I understand this impulse. I, too, have spent years creating my little moat of good deeds in an attempt to protect the castle of myself. I don’t want to be dismissed the way that Nana was once dismissed. I know that it’s easier to say Their kind does seem to have a taste for drugs, easier to write all addicts off as bad and weak-willed people, than it is to look closely at the nature of their suffering. I do it too, sometimes. I judge. I walk around with my chest puffed out, making sure hat everyone knows about my Harvard and Stanford degrees, as if those things encapsulate me, and when I do so, I give in to the same facile, lazy thinking that characterizes those who think of addicts as horrible people. It’s just that I’m standing on the other side of the moat. What I can say for certain is that there is no case study in the world that could capture the whole animal of my brother, that could show how smart and kind and generous he was, how much he wanted to get better, how much he wanted to live.
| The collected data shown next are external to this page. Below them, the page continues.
(* Let $j\ge2$, let $H$ be a graph, and let $G\cong\mathsf{TS}_j(H)$. Write $q=\omega(G)$ and, for a graph $X$ and integer $t$, let $c_t(X)$ be the number of $t$-cliques of $X$. If $q\ge j+2$, then \[ c_q(G)=\binom{q+j-1}{j-1}\,c_{q+j-1}(H); \] in particular $\binom{q+j-1}{j-1}$ divides $c_q(G)$.
   Context: All graphs are finite, simple, undirected; $\omega(G)$ is the clique number. A $k$-clique of a graph $H$ is a set of $k$ pairwise adjacent vertices. For a graph $H$ and integer $k\ge1$, the Token Sliding graph $\mathsf{TS}_k(H)$ has as vertices the $k$-cliques of $H$, and two $k$-cliques $A,B$ are adjacent iff $A\setminus B=\{u\}$, $B\setminus A=\{v\}$ for some vertices $u,v$ with $uv\in E(H)$. *)

From mathcomp Require Import all_boot.
Set Implicit Arguments. Unset Strict Implicit. Unset Printing Implicit Defensive.

Definition simple_graph (T : finType) (e : rel T) : Prop :=
  symmetric e /\ irreflexive e.

Definition is_clique (T : finType) (e : rel T) (A : {set T}) : bool :=
  [forall x in A, forall y in A, (x != y) ==> e x y].

Definition cliques (T : finType) (e : rel T) (k : nat) : {set {set T}} :=
  [set A : {set T} | is_clique e A && (#|A| == k)].

Definition nclq (T : finType) (e : rel T) (k : nat) : nat := #|cliques e k|.

Definition clique_number (T : finType) (e : rel T) : nat :=
  \max_(A : {set T} | is_clique e A) #|A|.

Definition ts_adj (T : finType) (e : rel T) (A B : {set T}) : bool :=
  [exists u, exists v, [&& A :\: B == [set u], B :\: A == [set v] & e u v]].

(* f : G -> {set T} is a graph isomorphism from (G, eG) onto TS_j(H):
   a bijection onto the j-cliques of H, transporting adjacency to
   token-sliding adjacency. *)
Definition TS_iso (T : finType) (eH : rel T) (j : nat)
    (G : finType) (eG : rel G) (f : G -> {set T}) : Prop :=
  [/\ injective f,
      (forall x, f x \in cliques eH j),
      (forall A, A \in cliques eH j -> exists x, f x = A) &
      (forall x y, eG x y = ts_adj eH (f x) (f y))].

From mathcomp Require Import all_boot zify.
Set Implicit Arguments. Unset Strict Implicit. Unset Printing Implicit Defensive.

(* A clique of TS_j(H) is a family of j-cliques of H any two of which differ in
   exactly one vertex.  Such a family either has a common (j-1)-element core S,
   or lies inside a single (j+1)-set and then has at most j+1 members; as
   q >= j+2, every maximum clique is of the first kind.  The union K of its
   members is a clique of H, and maximality forces the family to consist of all
   j-sets between S and K, whence |K| = q+j-1.  Conversely every such pair
   (K, S) yields a maximum clique, from which K and S are recovered as the union
   and the intersection of its members. *)

Section SetU1.
Variable T : finType.
Implicit Types (A K S : {set T}) (u v : T).

Lemma setU1_of_card S A :
  S \subset A -> #|A| = #|S|.+1 -> exists2 u, u \notin S & A = u |: S.
Proof.
move=> SA cardA.
have /cards1P[u Du] : #|A :\: S| == 1 by rewrite cardsDS // cardA subSnn.
have /setDP[uA uS] : u \in A :\: S by rewrite Du set11.
exists u => //; apply/eqP; rewrite eq_sym eqEcard subUset sub1set uA SA /=.
by rewrite cardsU1 uS cardA.
Qed.

Lemma setU1_inj_notin S u v : u \notin S -> u |: S = v |: S -> u = v.
Proof.
move=> uS eqS; have /setU1P[-> // | uS'] : u \in v |: S by rewrite -eqS setU11.
by rewrite uS' in uS.
Qed.

Lemma setDU1_set1 S u v : u \notin S -> u != v -> (u |: S) :\: (v |: S) = [set u].
Proof.
move=> uS uv; apply/setP=> w; rewrite !inE.
case: (eqVneq w u) => [->|_] /=; first by rewrite (negbTE uS) (negbTE uv).
by case: (w \in S); rewrite ?orbT ?andbF.
Qed.

Definition star S K : {set {set T}} := [set u |: S | u in K :\: S].

Lemma card_star S K : #|star S K| = #|K :\: S|.
Proof.
apply: card_in_imset => u v /setDP[_ uS] /setDP[_ vS]; exact: setU1_inj_notin.
Qed.

Lemma bigcup_star S K : S \subset K -> 0 < #|K :\: S| ->
  \bigcup_(A in star S K) A = K.
Proof.
move=> SK /card_gt0P[w wD]; apply/setP=> t; apply/bigcupP/idP.
  by case=> _ /imsetP[u /setDP[uK _] ->]; case/setU1P=> [->|/(subsetP SK)].
move=> tK; have [tS|tS] := boolP (t \in S).
  by exists (w |: S); [exact: imset_f wD | rewrite setU1r].
by exists (t |: S); [apply: imset_f; rewrite inE tS | rewrite setU11].
Qed.

Lemma bigcap_star S K : 1 < #|K :\: S| -> \bigcap_(A in star S K) A = S.
Proof.
move=> two; apply/setP=> t; apply/bigcapP/idP => [inF|tS]; last first.
  by move=> _ /imsetP[u _ ->]; rewrite setU1r.
have [w wD wt] : exists2 w, w \in K :\: S & w != t.
  have /card_gt0P[w] : 0 < #|(K :\: S) :\ t| by rewrite (cardsD1 t) in two; lia.
  by rewrite in_setD1 => /andP[wt wD]; exists w.
move: (inF _ (imset_f (fun u => u |: S) wD)); case/setU1P=> // tw.
by rewrite tw eqxx in wt.
Qed.

End SetU1.

Section JohnsonClique.
Variables (T : finType) (j : nat) (F : {set {set T}}).
Hypothesis card_F : {in F, forall A : {set T}, #|A| = j}.
Hypothesis adj_F : {in F &, forall A B : {set T}, A != B -> #|A :\: B| = 1}.

Lemma card_setU_adj A B : A \in F -> B \in F -> A != B -> #|A :|: B| = j.+1.
Proof.
move=> AF BF AB; have := cardsUI A B; have := cardsID B A.
by rewrite (card_F AF) (card_F BF) (adj_F AF BF AB); lia.
Qed.

Lemma eq_setU_D1_adj A B D s : A \in F -> B \in F -> D \in F -> A != B ->
  s \in A -> s \in B -> s \notin D -> D = (A :|: B) :\ s.
Proof.
move=> AF BF DF AB sA sB sD.
have subD X : X \in F -> s \in X -> X :\ s \subset D.
  move=> XF sX; have XD : X != D by apply: contraNneq sD => <-.
  apply/subsetP=> t /setD1P[ts tX]; apply: contraNT ts => tD.
  by apply/eqP/(card_le1_eqP (eq_leq (adj_F XF DF XD))); apply/setDP.
apply/esym/eqP; rewrite eqEcard setDUl subUset !subD //= (card_F DF) -setDUl.
by have := cardsD1 s (A :|: B); rewrite in_setU sA card_setU_adj //; lia.
Qed.

Lemma sub_setU_adj A B C s : A \in F -> B \in F -> C \in F -> A != B ->
  s \in A -> s \in B -> s \notin C -> {in F, forall D : {set T}, D \subset A :|: B}.
Proof.
move=> AF BF CF AB sA sB sC D DF.
have [sD|sD] := boolP (s \in D); last first.
  by rewrite (eq_setU_D1_adj AF BF DF AB sA sB sD) subD1set.
have eqC := eq_setU_D1_adj AF BF CF AB sA sB sC.
have AC : A != C by apply: contraNneq sC => <-.
have [ACD | /subsetPn[t /setIP[tA tC] tD]] := boolP (A :&: C \subset D); last first.
  rewrite (eq_setU_D1_adj AF CF DF AC tA tC tD); apply: subset_trans (subD1set _ _) _.
  by rewrite subUset subsetUl eqC subD1set.
have AD : A \subset D.
  apply/subsetP=> t tA; have [-> //|ts] := eqVneq t s.
  by apply: (subsetP ACD); rewrite inE tA eqC !inE ts tA.
have -> : D = A by apply/esym/eqP; rewrite eqEcard AD (card_F AF) (card_F DF) /=.
exact: subsetUl.
Qed.

Lemma johnson_clique_core : j + 2 <= #|F| ->
  exists2 S : {set T}, #|S| = j.-1 & {in F, forall A : {set T}, S \subset A}.
Proof.
move=> bigF; have [A AF] : exists A, A \in F by apply/set0Pn; rewrite -card_gt0; lia.
have [B BF AB] : exists2 B, B \in F & A != B.
  have /card_gt0P[B /setD1P[BA BF]] : 0 < #|F :\ A|.
    by rewrite (cardsD1 A) AF in bigF; lia.
  by exists B; rewrite 1?eq_sym.
exists (A :&: B).
  by have := cardsUI A B; rewrite card_setU_adj // (card_F AF) (card_F BF); lia.
move=> C CF; apply/subsetP=> s /setIP[sA sB]; apply: contraT => sC.
have : F \subset [set D : {set T} | D \subset A :|: B & #|D| == j].
  apply/subsetP=> D DF; rewrite inE (card_F DF) eqxx andbT.
  exact: (sub_setU_adj AF BF CF AB sA sB sC).
by move/subset_leq_card; rewrite cards_draws card_setU_adj // binSn; lia.
Qed.

End JohnsonClique.

Section Cliques.
Variables (T : finType) (e : rel T).

Lemma is_cliqueP (A : {set T}) :
  reflect {in A &, forall x y, x != y -> e x y} (is_clique e A).
Proof.
apply: (iffP forall_inP) => [cA x y xA yA | cA x xA].
  by move: (cA x xA) => /forall_inP/(_ y yA)/implyP.
by apply/forall_inP => y yA; apply/implyP/cA.
Qed.

Lemma clique_subset (A B : {set T}) : is_clique e B -> A \subset B -> is_clique e A.
Proof.
by move=> /is_cliqueP cB /subsetP AB; apply/is_cliqueP => x y /AB xB /AB; apply: cB.
Qed.

Lemma card_clique_le_number (A : {set T}) : is_clique e A -> #|A| <= clique_number e.
Proof. exact: (@leq_bigmax_cond _ (is_clique e) (fun A => #|A|)). Qed.

Lemma ts_adj_card1 (A B : {set T}) : ts_adj e A B -> #|A :\: B| = 1.
Proof. by case/existsP=> u /existsP[v /and3P[/eqP-> _ _]]; rewrite cards1. Qed.

Lemma ts_adj_edge (A B : {set T}) a b :
  ts_adj e A B -> a \in A :\: B -> b \in B :\: A -> e a b.
Proof.
case/existsP=> u /existsP[v /and3P[/eqP-> /eqP-> euv]].
by rewrite !inE => /eqP-> /eqP->.
Qed.

Definition clique_cores n k : {set {set T} * {set T}} :=
  [set KS : {set T} * {set T} |
     [&& KS.1 \in cliques e n, KS.2 \subset KS.1 & #|KS.2| == k]].

Lemma clique_coresP n k (K S : {set T}) :
  reflect [/\ is_clique e K, #|K| = n, S \subset K & #|S| = k]
          ((K, S) \in clique_cores n k).
Proof.
rewrite !inE /=; apply: (iffP and3P) => [[/andP[cK /eqP ->] SK /eqP ->] // |].
by case=> -> -> -> ->; rewrite !eqxx.
Qed.

Lemma card_clique_cores n k : #|clique_cores n k| = 'C(n, k) * nclq e n.
Proof.
rewrite -sum1_card (eq_bigl _ _ (fun KS => in_set _ KS)).
rewrite -(pair_big_dep (mem (cliques e n))
  (fun K S : {set T} => (S \subset K) && (#|S| == k)) (fun _ _ => 1)) /=.
rewrite (eq_bigr (fun _ => 'C(n, k))) ?sum_nat_const 1?mulnC //.
move=> K; rewrite inE => /andP[_ /eqP <-].
by rewrite -cards_draws -sum1_card; apply: eq_bigl => S; rewrite inE.
Qed.

Lemma ts_adj_setU1 (S : {set T}) u v :
  u \notin S -> v \notin S -> u != v -> e u v -> ts_adj e (u |: S) (v |: S).
Proof.
move=> uS vS uv euv; apply/existsP; exists u; apply/existsP; exists v.
by rewrite !setDU1_set1 // 1?eq_sym ?eqxx.
Qed.

End Cliques.

Section TokenSliding.
Variables (T : finType) (eH : rel T) (j : nat) (G : finType) (eG : rel G).
Variable f : G -> {set T}.
Hypothesis isoG : TS_iso eH j eG f.
Hypothesis j_gt0 : 0 < j.

Let f_inj : injective f. Proof. by case: isoG. Qed.

Let f_cliques x : f x \in cliques eH j. Proof. by case: isoG. Qed.

Let f_onto A : A \in cliques eH j -> exists x, f x = A.
Proof. by case: isoG => _ _ /(_ A). Qed.

Let eG_ts x y : eG x y = ts_adj eH (f x) (f y). Proof. by case: isoG => _ _ _ ->. Qed.

Let card_f x : #|f x| = j.
Proof. by have /setIdP[_ /eqP] := f_cliques x. Qed.

Lemma is_clique_bigcup_f (C : {set G}) :
  is_clique eG C -> is_clique eH (\bigcup_(x in C) f x).
Proof.
move=> /is_cliqueP cC; apply/is_cliqueP => a b /bigcupP[x xC afx] /bigcupP[y yC bfy] ab.
have clique_f z : is_clique eH (f z) by have /setIdP[] := f_cliques z.
have [exy|xy] := eqVneq x y.
  by rewrite exy in afx; exact: (is_cliqueP _ _ (clique_f y)).
have [ay|ay] := boolP (a \in f y); first exact: (is_cliqueP _ _ (clique_f y)).
have [bx|bx] := boolP (b \in f x); first exact: (is_cliqueP _ _ (clique_f x)).
apply: (ts_adj_edge (A := f x) (B := f y)); last by rewrite inE bx bfy.
  by rewrite -eG_ts cC.
by rewrite inE ay afx.
Qed.

Definition sandwich (S K : {set T}) : {set G} :=
  [set x | (S \subset f x) && (f x \subset K)].

Section Sandwich.
Variables S K : {set T}.
Hypotheses (cK : is_clique eH K) (SK : S \subset K) (cardS : #|S| = j.-1).

Lemma f_sandwich : f @: sandwich S K = star S K.
Proof.
apply/setP=> A; apply/imsetP/imsetP => [[x /setIdP[Sx xK] ->] | [u /setDP[uK uS] ->]].
  have cardfx : #|f x| = #|S|.+1 by rewrite card_f cardS prednK.
  have [u uS fxE] := setU1_of_card Sx cardfx.
  by exists u; rewrite // inE uS (subsetP xK) // fxE setU11.
have [|x fx] := f_onto (A := u |: S).
  rewrite inE cardsU1 uS cardS add1n prednK // eqxx andbT.
  by apply: clique_subset cK _; rewrite subUset sub1set uK SK.
by exists x; rewrite // inE fx subsetUr subUset sub1set uK SK.
Qed.

Lemma card_sandwich : #|sandwich S K| = #|K :\: S|.
Proof. by rewrite -(card_imset _ f_inj) f_sandwich card_star. Qed.

Lemma is_clique_sandwich : is_clique eG (sandwich S K).
Proof.
have in_star x : x \in sandwich S K -> f x \in star S K.
  by move=> xS; rewrite -f_sandwich imset_f.
apply/is_cliqueP => x y /in_star/imsetP[u /setDP[uK uS] fx].
move=> /in_star/imsetP[v /setDP[vK vS] fy] xy.
have uv : u != v by apply: contraNneq xy => euv; apply/eqP/f_inj; rewrite fx fy euv.
by rewrite eG_ts fx fy ts_adj_setU1 //; apply: (is_cliqueP _ _ cK).
Qed.

End Sandwich.

Lemma sandwich_in_cliques n KS : KS \in clique_cores eH n j.-1 ->
  sandwich KS.2 KS.1 \in cliques eG (n - j.-1).
Proof.
case: KS => K S /clique_coresP[cK cardK SK cardS] /=.
by rewrite inE is_clique_sandwich // card_sandwich // cardsDS // cardK cardS eqxx.
Qed.

Lemma sandwich_inj n : j < n ->
  {in clique_cores eH n j.-1 &, injective (fun KS => sandwich KS.2 KS.1)}.
Proof.
move=> jn [K S] [K' S'] /clique_coresP[cK cardK SK cardS].
move=> /clique_coresP[cK' cardK' SK' cardS'] /= eqsw.
have two_out : 1 < #|K :\: S| by rewrite cardsDS // cardK cardS; lia.
have two_out' : 1 < #|K' :\: S'| by rewrite cardsDS // cardK' cardS'; lia.
have eq_star : star S K = star S' K'.
  by rewrite -f_sandwich // -[RHS]f_sandwich // eqsw.
congr (_, _).
  by rewrite -(bigcup_star SK (ltnW two_out)) eq_star bigcup_star // ltnW.
by rewrite -(bigcap_star two_out) eq_star bigcap_star.
Qed.

Lemma max_clique_sandwich (C : {set G}) : j + 2 <= clique_number eG ->
  C \in cliques eG (clique_number eG) ->
  exists2 KS, KS \in clique_cores eH (clique_number eG + j.-1) j.-1 &
              C = sandwich KS.2 KS.1.
Proof.
move=> big_q /setIdP[cC /eqP cardC].
have [S cardS coreS] : exists2 S : {set T},
    #|S| = j.-1 & {in f @: C, forall A : {set T}, S \subset A}.
  apply: johnson_clique_core; last by rewrite card_imset // cardC.
    by move=> _ /imsetP[x _ ->]; apply: card_f.
  move=> _ _ /imsetP[x xC ->] /imsetP[y yC ->] fxy.
  have xy : x != y by apply: contraNneq fxy => ->.
  apply: (ts_adj_card1 (e := eH) (B := f y)).
  by rewrite -eG_ts; apply: (is_cliqueP _ _ cC).
set K := \bigcup_(x in C) f x.
have cK : is_clique eH K := is_clique_bigcup_f cC.
have [x0 x0C] : exists x0, x0 \in C by apply/set0Pn; rewrite -card_gt0 cardC; lia.
have SK : S \subset K.
  exact: subset_trans (coreS _ (imset_f f x0C)) (bigcup_sup _ x0C).
have C_sandwich : C \subset sandwich S K.
  by apply/subsetP=> x xC; rewrite inE coreS ?imset_f // (bigcup_sup _ xC).
have le_q := card_clique_le_number (is_clique_sandwich cK SK cardS).
have ge_q := subset_leq_card C_sandwich.
rewrite cardC card_sandwich // cardsDS // cardS in ge_q le_q *.
have := subset_leq_card SK; rewrite cardS => leSK.
exists (K, S); first by apply/clique_coresP; split => //; lia.
by apply/eqP; rewrite eqEcard C_sandwich card_sandwich // cardsDS // cardC cardS.
Qed.

Lemma max_cliques_eq_sandwiches : j + 2 <= clique_number eG ->
  cliques eG (clique_number eG) =
  [set sandwich KS.2 KS.1 | KS in clique_cores eH (clique_number eG + j.-1) j.-1].
Proof.
move=> big_q; apply/setP=> C; apply/idP/imsetP => [qC | [KS KScore ->]].
  exact: max_clique_sandwich.
by rewrite -[X in cliques _ X](addnK j.-1) sandwich_in_cliques.
Qed.

End TokenSliding.

Theorem proposition3p10 (T : finType) (eH : rel T) (j : nat)
    (G : finType) (eG : rel G) (f : G -> {set T}) :
  simple_graph eH -> simple_graph eG -> 2 <= j -> TS_iso eH j eG f ->
  let q := clique_number eG in
  j + 2 <= q ->
  nclq eG q = 'C(q + j - 1, j - 1) * nclq eH (q + j - 1) /\
  'C(q + j - 1, j - 1) %| nclq eG q.
Proof.
move=> _ _ j2 isoG q big_q.
have j_gt0 : 0 < j by lia.
have -> : q + j - 1 = q + j.-1 by lia.
have count : nclq eG q = 'C(q + j.-1, j.-1) * nclq eH (q + j.-1).
  rewrite /nclq (max_cliques_eq_sandwiches isoG) // card_in_imset.
    exact: card_clique_cores.
  by apply: (sandwich_inj isoG) => //; lia.
by rewrite subn1 count dvdn_mulr.
Qed.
Forget for a moment what he looked like on paper, and instead see him as he was in all of his glory, in all of his beauty. It’s true that for years before he died, I would look at his face and think, What a pity, what a waste. But the waste was my own, the waste was what I missed out on whenever I looked at him and saw just his addiction."
 
The ending, and the unresolved nature of the protagonist's relationship between her family members was the main reason I didn't give a higher rating. I do think it could realistically reflect how many complicated situations can just go unresolved for people, and how life goes on (which it does)---but the way this novel was set up indicated a more tied-up resolution, even negative or partially solved, than what was given (I believe the word I'm looking for is anticlimactic). Also, even though I did like how Gifty's journey through grief naturally tied in with her battle between faith and science as well as how being an immigrant with an absent father shaped this journey, it felt like the author struggled to decide which one to focus on more (as there's only so much you can relatively achieve without losing sense of the plot or having everything turn shallow) and structure-wise was at times messy, and that made it a bit difficult to get through the last third or quarter of the book. Nonetheless, the narrative was incredible both in audiobook and written form. 
 
I haven't read Homegoing but putting it down on my TBR, as that seems to be a generally favourite from readers who have gone through both. To understand more on addiction from a non-fiction POV, I suggest reading The Urge (by Carl Fisher) and In the Realm of Hungry Ghosts (by Gabor Maté), both authors which suffer from addiction themselves, to start in expanding insight and sympathy.